Архиепископ Иосиф вошел по мощеной дорожке в монастырский двор и взглянул на небо. Оно было чисто и покойно, как душа ребенка. Он подошел к князю и сказал:
— И сотворил боголюбивый и святой князь Михаил гнездо мудрости в устье реки Тичи! Да пребудет слава его, да святится имя его!
— Аминь! — подхватили епископы из свиты Иосифа.
Борис-Михаил подобрал подол власяницы и первым пошел к трапезной. У дверей в поклоне стояли повара и ожидали распоряжений князя и священников. Новая обитель, гнездо будущей литературы и просвещения, была построена в очень краткий срок по велению князя, и теперь он прибыл на ее открытие. И церковь, пахнущая свежей краской, и все другие здания были отделаны и приспособлены для работы с книгами. Кельи были небольшие, но уютные, с сенями, и только в представительском крыле было светское убранство. Просторные гостиные, удобные скамьи вдоль стен, застланные пестрыми коврами, создавали удивительную атмосферу веселости и душевной свободы. Трапезная — длинное светлое помещение с высокими окнами и красивыми дубовыми столами, поставленными буквой «Т», — располагала к неторопливому принятию пищи и спокойному молчанию. Архиепископ и князь сели на главные места, остальные разместились в зависимости от сана и ранга.

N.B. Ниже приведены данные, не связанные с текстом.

(** This equals the 2-sum as defined
    (deleting x_i y_i and re-adding the edge between identified vertices
    if it was present in at least one summand). *)
Definition sumadj (w1 w2 : sumV) : Prop :=
  (exists a b : G', [/\ gadj a b, img0 a = Some w1 & img0 b = Some w2]) \/
  (exists i (a b : Gs i), [/\ gadj a b, imgi a = Some w1 & imgi b = Some w2]).

Definition sum_ok : Prop :=
  [/\ forall i, deg2 (z i) (x i) (y i),
      forall i, deg2 (z' i) (x' i) (y' i)
    & forall i j, i != j -> z' i != z' j /\ ~~ gadj (z' i) (z' j)].

End TwoSum.

(** [G] belongs to [C1 (+) C2]: [G] is (isomorphic to) a 2-sum of one graph of
    [C1] with several (possibly zero) graphs of [C2]. *)
Definition twoSumClass (C1 C2 : gclass) (G : graph) : Prop :=
  exists (G' : graph) (t : nat) (Gs : 'I_t -> graph)
         (z' x' y' : 'I_t -> G') (z x y : forall i, Gs i)
         (f : G -> sumV z' z x y),
    [/\ C1 G', forall i, C2 (Gs i),
        sum_ok z' x' y' z x y,
        bijective f
      & forall u v, gadj u v <-> sumadj x' y' (f u) (f v)].

(* A piece
   meets the rest of [G] only in its two attachment vertices, so a connected branch
   set either lies inside one piece or contains an attachment vertex of every piece it
   enters.  If a hub lies inside a piece, contracting everything outside that piece
   onto its degree-two vertex [z i] yields a K_{2,n}-model of [Gs i]: at most one spoke
   contains both attachment vertices, and mn - 1 >= n as soon as m >= 2 (for m = 1 the
   base contains K_{2,1} around any [z' i]).  If some piece contains n spokes, the same
   contraction works, both hubs now passing through its attachment vertices.
   Otherwise each piece contains fewer than n spokes; contracting every piece onto its
   vertex [z' i] keeps the spokes lying in no piece and turns each piece containing a
   spoke into the one-vertex spoke [z' i], which leaves at least m spokes of a
   K_{2,m}-model of [G']. *)

From mathcomp Require Import all_boot zify.
Set Implicit Arguments. Unset Strict Implicit. Unset Printing Implicit Defensive.

Section InducedConnectivity.
Variable G : graph.
Implicit Types A B : {set G}.

Definition induced A : rel G := fun a b => [&& gadj a b, a \in A & b \in A].
Definition connected A := {in A &, forall u v, connect (induced A) u v}.
Definition linked A B := exists u v, [/\ u \in A, v \in B & gadj u v].

Lemma induced_sym A : symmetric (induced A).
Proof. by move=> a b; rewrite /induced gadj_sym andbCA andbA andbC andbA andbC. Qed.

Lemma connect_inducedC A u v :
  connect (induced A) u v = connect (induced A) v u.
Proof. exact: (sym_connect_sym (@induced_sym A)). Qed.

Lemma linkedC A B : linked A B -> linked B A.
Proof. by case=> u [v [*]]; exists v, u; split=> //; rewrite gadj_sym. Qed.

Lemma connected_set1 (u : G) : connected [set u].
Proof. by move=> a b; rewrite !inE => /eqP-> /eqP->; apply: connect0. Qed.

Lemma connect_induced_edge A a b :
  gadj a b -> a \in A -> b \in A -> connect (induced A) a b.
Proof. by move=> ab aA bA; apply: connect1; rewrite /induced ab aA bA. Qed.

Lemma connect_induced_edgeC A a b :
  gadj b a -> a \in A -> b \in A -> connect (induced A) a b.
Proof. by rewrite gadj_sym; apply: connect_induced_edge. Qed.

Lemma connect_induced_closed A (P : pred G) u v :
  (forall a b, a \in A -> b \in A -> gadj a b -> P a -> P b) ->
  connect (induced A) u v -> P u -> P v.
Proof.
move=> closedP /connectP[p pth ->]; elim: p u pth => [|b p IH] u //=.
by case/andP=> /and3P[ub uA bA] pth Pu; apply: IH pth (closedP _ _ uA bA ub Pu).
Qed.

End InducedConnectivity.

Lemma connect_induced_map (G H : graph) (A : {set G}) (B : {set H}) (g : G -> H) u v :
  {in A &, forall a b, gadj a b -> connect (induced B) (g a) (g b)} ->
  connect (induced A) u v -> connect (induced B) (g u) (g v).
Proof.
move=> gE /connectP[p pth ->]; elim: p u pth => [|a p IH] u /=.
  by move=> _; apply: connect0.
case/andP=> /and3P[ua uA aA] pth.
exact: connect_trans (gE _ _ uA aA ua) (IH _ pth).
Qed.

Lemma connected_map (G H : graph) (A : {set G}) (B : {set H}) (g : G -> H) :
  connected A ->
  {in A &, forall a b, gadj a b -> connect (induced B) (g a) (g b)} ->
  (forall w, w \in B -> exists2 u, u \in A & connect (induced B) (g u) w) ->
  connected B.
Proof.
move=> cA gE gB w1 w2 /gB[u1 u1A c1] /gB[u2 u2A c2].
rewrite connect_inducedC in c1.
apply: connect_trans c1 _; apply: connect_trans c2.
exact: connect_induced_map gE (cA _ _ u1A u2A).
Qed.

(* Branch sets [H1], [H2] of the two hubs and [S j], [j] in [P], of the spokes. *)
Definition K2model (G : graph) (H1 H2 : {set G}) (I : finType) (P : pred I)
  (S : I -> {set G}) :=
  [/\ [/\ H1 != set0, H2 != set0, [disjoint H1 & H2], connected H1 & connected H2],
      forall j, P j -> [/\ S j != set0, connected (S j),
        [disjoint S j & H1] /\ [disjoint S j & H2], linked H1 (S j) & linked H2 (S j)]
    & forall j j', P j -> P j' -> j != j' -> [disjoint S j & S j']].

Lemma K2modelC (G : graph) H1 H2 (I : finType) (P : pred I) (S : I -> {set G}) :
  K2model H1 H2 P S -> K2model H2 H1 P S.
Proof.
case=> [[n1 n2 d c1 c2] hS hD]; split=> //; first by split=> //; rewrite disjoint_sym.
by move=> j /hS[? ? [? ?] ? ?]; split.
Qed.

Lemma K2model_minor (G : graph) H1 H2 (I : finType) (P : pred I) (S : I -> {set G}) n :
  K2model H1 H2 P S -> n <= #|P| -> hasMinor G (K2 n).
Proof.
case=> [[n1 n2 d c1 c2] hS hD] nP.
pose e (j : 'I_n) : I := enum_val (widen_ord nP j).
have eP j : P (e j) by have := enum_valP (widen_ord nP j).
have e_inj : injective e.
  by move=> a b /enum_val_inj /(congr1 val) /= /val_inj.
pose B (h : K2 n) : {set G} :=
  match h with inl a => if a == ord0 then H1 else H2 | inr j => S (e j) end.
have hub (a : 'I_2) : [/\ B (inl a) != set0, connected (B (inl a)) &
     forall j, linked (B (inl a)) (S (e j)) /\ [disjoint S (e j) & B (inl a)]].
  by rewrite /B; case: ifP=> _; split=> // j; have [? ? [? ?] ? ?] := hS _ (eP j).
exists B; split.
- by case=> [a|j]; [case: (hub a)|case: (hS _ (eP j))].
- case=> [a|j] [b|j'] neq /=.
  + have ab : (a == ord0) != (b == ord0).
      apply: contra neq => /eqP; case: a b => [[|[|a]] ?] [[|[|b]] ?] //= _;
        by apply/eqP/val_inj.
    by case: (a == ord0) (b == ord0) ab => [] [] //= _; rewrite // disjoint_sym.
  + by case: (hub a) => _ _ /(_ j') [_]; rewrite disjoint_sym.
  + by case: (hub b) => _ _ /(_ j) [_].
  + by apply: hD => //; apply: contra neq => /eqP /e_inj ->.
- by case=> [a|j]; [case: (hub a)|case: (hS _ (eP j))].
- case=> [a|j] [b|j'] //= _.
  + by case: (hub a) => _ _ /(_ j') [].
  + by case: (hub b) => _ _ /(_ j) [] /linkedC.
Qed.

Lemma minor_K2model (G : graph) k :
  hasMinor G (K2 k) -> exists H1 H2 (S : 'I_k -> {set G}), K2model H1 H2 predT S.
Proof.
case=> B [ne dj cn ed].
exists (B (inl ord0)), (B (inl (Ordinal (isT : 1 < 2)))), (fun j => B (inr j)).
split; first by split; [apply: ne|apply: ne|apply: dj|apply: cn|apply: cn].
  move=> j _; split; [apply: ne|apply: cn|by split; apply: dj|by apply: ed|by apply: ed].
by move=> j j' _ _ nj; apply: dj; apply: contra nj => /eqP [->].
Qed.

Lemma card_sum_indicator (T : finType) (P : pred T) : #|P| = \sum_(j : T) (P j : nat).
Proof.
rewrite -sum1_card big_mkcond /=; apply: eq_bigr => j _; rewrite unfold_in.
by case: (P j).
Qed.

Lemma card_sum_pred (T1 T2 : finType) (P1 : pred T1) (P2 : pred T2) :
  #|(fun w : T1 + T2 => match w with inl j => P1 j | inr i => P2 i end)|
  = #|P1| + #|P2|.
Proof. by rewrite !card_sum_indicator big_sumType. Qed.

Lemma K2_1_minor (G : graph) (a b c : G) : gadj c a -> gadj c b -> a != b ->
  hasMinor G (K2 1).
Proof.
move=> ca cb ab.
have nca : c != a by apply: contraTneq ca => ->; rewrite gadj_irr.
have ncb : c != b by apply: contraTneq cb => ->; rewrite gadj_irr.
apply: (@K2model_minor _ [set a] [set b] _ (predT : pred 'I_1) (fun _ => [set c])).
  split.
  - split; [by apply/set0Pn; exists a; rewrite set11|by apply/set0Pn; exists b; rewrite set11
           |by rewrite disjoints1 inE|exact: connected_set1|exact: connected_set1].
  - move=> j _; split; [|exact: connected_set1| | |].
    + by apply/set0Pn; exists c; rewrite set11.
    + by rewrite !disjoints1 !inE.
    + by exists a, c; rewrite !set11 gadj_sym.
    + by exists b, c; rewrite !set11 gadj_sym.
  - by move=> j j' _ _; rewrite (ord1 j) (ord1 j').
by rewrite card_sum_indicator big_ord1.
Qed.

Lemma leq_outer_classes k t m n (outer : pred 'I_k) (cls : 'I_t -> pred 'I_k)
    (used : pred 'I_t) :
  (forall j, ~~ outer j -> exists i, cls i j) ->
  (forall j i, outer j -> ~~ cls i j) ->
  (forall j i i', cls i j -> cls i' j -> i = i') ->
  (forall i, used i = [exists j, cls i j]) ->
  (forall i, #|cls i| < n) -> k = m * n -> 0 < n ->
  m <= #|outer| + #|used|.
Proof.
move=> cover outerN cls_uniq usedE small km n_gt0.
have one j : outer j + \sum_(i < t) (cls i j : nat) = 1.
  have [oj|oj] := boolP (outer j).
    by rewrite big1 // => i _; rewrite (negbTE (outerN _ _ oj)).
  have [i0 i0j] := cover _ oj.
  rewrite (bigD1 i0) //= i0j big1 // => i ni; apply/eqP; rewrite eqb0.
  by apply: contra ni => /cls_uniq -/(_ _ i0j) ->.
have k_split : k = #|outer| + \sum_(i < t) #|cls i|.
  rewrite card_sum_indicator.
  rewrite (eq_bigr (fun i => \sum_j (cls i j : nat))) => [|i _]; last first.
    exact: card_sum_indicator.
  rewrite exchange_big /= -big_split /= -{1}(card_ord k) -sum1_card.
  by apply: eq_bigr => j _; rewrite one.
have classes_small : \sum_(i < t) #|cls i| <= #|used| * n.-1.
  rewrite card_sum_indicator big_distrl /=; apply: leq_sum => i _.
  rewrite usedE; have [/existsP _|none] := boolP [exists j, cls i j].
    by rewrite mul1n -ltnS (leq_trans (small i)) // leqSpred.
  rewrite mul0n leqn0 -/(#|cls i| == 0) -/(pred0b _); apply/pred0P => j /=.
  by apply/negP => ij; move/existsP: none; apply; exists j.
move: k_split classes_small; set o := #|outer|; set p := #|used|.
set s := \sum_(i < t) _ => k_split classes_small.
have : m * n <= (o + p) * n by nia.
by rewrite leq_pmul2r.
Qed.

(* An abstract decomposition of [G] along the base [G'] and the pieces [Gs i]:
   [inner i] is the set of vertices coming from [Gs i] minus [z i], [x i], [y i],
   and [X i], [Y i] are the vertices where [x i = x' i] and [y i = y' i] were glued.
   [to_base] contracts the inner vertices of piece [i] to [z' i]; [to_piece i]
   contracts everything outside [piece i] to [z i]. *)
Section Decomposition.
Variables (G G' : graph) (t : nat) (Gs : 'I_t -> graph).
Variables (z' x' y' : 'I_t -> G') (z x y : forall i, Gs i).
Variables (inner : 'I_t -> G -> bool) (X Y : 'I_t -> G) (to_base : G -> G')
  (to_piece : forall i, G -> Gs i).

Implicit Types (S : {set G}) (own : bool) (u v : G) (i : 'I_t).

Definition interior i := [set u | inner i u].
Definition piece i := [set u | [|| inner i u, u == X i | u == Y i]].
Definition outside := [set u | [forall i, ~~ inner i u]].

Hypothesis X_not_inner : forall i j, ~~ inner j (X i).
Hypothesis Y_not_inner : forall i j, ~~ inner j (Y i).
Hypothesis inner_uniq : forall i j u, inner i u -> inner j u -> i = j.
Hypothesis inner_edge : forall i u v, gadj u v -> inner i u ->
  [|| inner i v, v == X i | v == Y i].
Hypothesis to_base_edge : forall u v, gadj u v ->
  [\/ gadj (to_base u) (to_base v), to_base u = to_base v |
      exists i, (u = X i /\ v = Y i) \/ (u = Y i /\ v = X i)].
Hypothesis to_piece_edge : forall i u v, gadj u v ->
  [\/ gadj (to_piece i u) (to_piece i v), to_piece i u = to_piece i v |
      (u = X i /\ v = Y i) \/ (u = Y i /\ v = X i)].
Hypothesis to_base_z : forall i u, (to_base u == z' i) = inner i u.
Hypothesis to_base_inj : {in outside &, injective to_base}.
Hypothesis to_base_X : forall i, to_base (X i) = x' i.
Hypothesis to_base_Y : forall i, to_base (Y i) = y' i.
Hypothesis to_piece_X : forall i, to_piece i (X i) = x i.
Hypothesis to_piece_Y : forall i, to_piece i (Y i) = y i.
Hypothesis to_piece_z : forall i u, (to_piece i u == z i) = (u \notin piece i).
Hypothesis to_piece_inj : forall i, {in piece i &, injective (to_piece i)}.
Hypothesis adj_z'x' : forall i, gadj (z' i) (x' i).
Hypothesis adj_z'y' : forall i, gadj (z' i) (y' i).
Hypothesis adj_zx : forall i, gadj (z i) (x i).
Hypothesis adj_zy : forall i, gadj (z i) (y i).
Hypothesis z'_inj : injective z'.
Hypothesis x_neq_y : forall i, x i != y i.

Lemma X_piece i : X i \in piece i. Proof. by rewrite inE eqxx orbT. Qed.
Lemma Y_piece i : Y i \in piece i. Proof. by rewrite inE eqxx !orbT. Qed.

Lemma inner_piece i u : inner i u -> u \in piece i.
Proof. by move=> iu; rewrite inE iu. Qed.

Lemma edge_inner_piece i u v : gadj u v -> inner i v -> u \in piece i.
Proof. by move=> uv iv; rewrite inE; apply: inner_edge iv; rewrite gadj_sym. Qed.

Lemma X_outside i : X i \in outside.
Proof. by rewrite inE; apply/forallP=> j; apply: X_not_inner. Qed.

Lemma Y_outside i : Y i \in outside.
Proof. by rewrite inE; apply/forallP=> j; apply: Y_not_inner. Qed.

Lemma not_outside u : u \notin outside -> exists i, inner i u.
Proof. by rewrite inE negb_forall => /existsP[i]; rewrite negbK; exists i. Qed.

Lemma outsideF u i : u \in outside -> inner i u = false.
Proof. by rewrite inE => /forallP/(_ i)/negbTE. Qed.

Lemma inner_not_XY_l i u v : inner i u ->
  ((u == X i) && (v == Y i)) || ((u == Y i) && (v == X i)) = false.
Proof.
move=> iu; apply/negbTE; apply/norP; split; apply/nandP; left; apply/eqP=> e;
  subst u; by rewrite ?(negbTE (X_not_inner _ _)) ?(negbTE (Y_not_inner _ _)) in iu.
Qed.

Lemma inner_not_XY_r i u v : inner i v ->
  ((u == X i) && (v == Y i)) || ((u == Y i) && (v == X i)) = false.
Proof.
move=> iv; apply/negbTE; apply/norP; split; apply/nandP; right; apply/eqP=> e;
  subst v; by rewrite ?(negbTE (X_not_inner _ _)) ?(negbTE (Y_not_inner _ _)) in iv.
Qed.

Духовные — со стороны архиепископа, светские — со стороны князя. Борис-Михаил подвернул рукава простой власяницы в ожидании блюд, взгляд его едва угадывался из-за опущенных ресниц. Усталость исходила от его лица, от склонившейся головы. Его волосы, длинные и слегка вьющиеся на концах, обрамляли суровый профиль. Две глубокие складки у рта исчезали в седоватых висячих усах, похожих на подкову. Их серебристые острые концы резко выделялись на фоне все еще темной, с рыжеватым отливом бороды.
Архиепископ встал, скамья резко скрипнула, он перекрестил хлеб, который князь должен был разделить. Борис Михаил ваял хлеб с выпеченным посередине крестом и легко разломил его на четыре части. Теперь пришла очередь архиепископа, и он разделил их на столько кусков, сколько людей было за столом, и отдал на подносе одному из братьев, чтобы тот раздал хлеб присутствующим. Обед начался.
Борис-Михаил первым встал из-за стола, поцеловал руку архиепископа и, получив благословение, медленно пошел к двери. За ним последовали только приближенные. Их ожидали кони и слуги. Оруженосцы встали по обе стороны князя, но он не захотел переодеваться и во власянице сел на коня. В черной одежде он выглядел словно ворон среди павлинов, но это не умаляло, а, напротив, подчеркивало его значительность и побуждало встречных крестьян и рабов кланяться ему до земли и креститься. Борис-Михаил, подобно архиепископу, благословлял их слегка поднятой рукой. Он спешил вернуться в Плиску, где его ждали недавно прибывшие ученики Константина-Кирилла и Мефодия. Сначала князь думал подождать их приезда и пригласить их на открытие монастыря, но потом решил ускорить дело, чтобы было где разместить училище, которое он задумал. В этом монастыре должны работать только те, кто владеет пером и кистью, кто освоил славянскую письменность, а потому может быть полезен его народу. Несколько дней тому назад он встретил троих изгнанников из Моравии, но радость его была омрачена болезнью Ангелария. Он поручил Доксу так устроить их, чтобы обеспечить полное спокойствие для работы и отдыха, а также найти самого лучшего лекаря среди его «детей». Ангеларий нуждался в хорошем уходе. Он совсем исхудал — кожа да кости. С первого взгляда было видно, что все трое претерпели много мук. И Наум, и Климент тоже выглядели нездоровыми: изодранные, пропыленные власяницы, исхудавшие руки, заострившиеся скулы и ввалившиеся глаза с болезненным блеском. Так блестят глаза у голодающих — князь хорошо помнил это со времени засухи и других бедствий, обрушившихся на государство в ту лихую годину...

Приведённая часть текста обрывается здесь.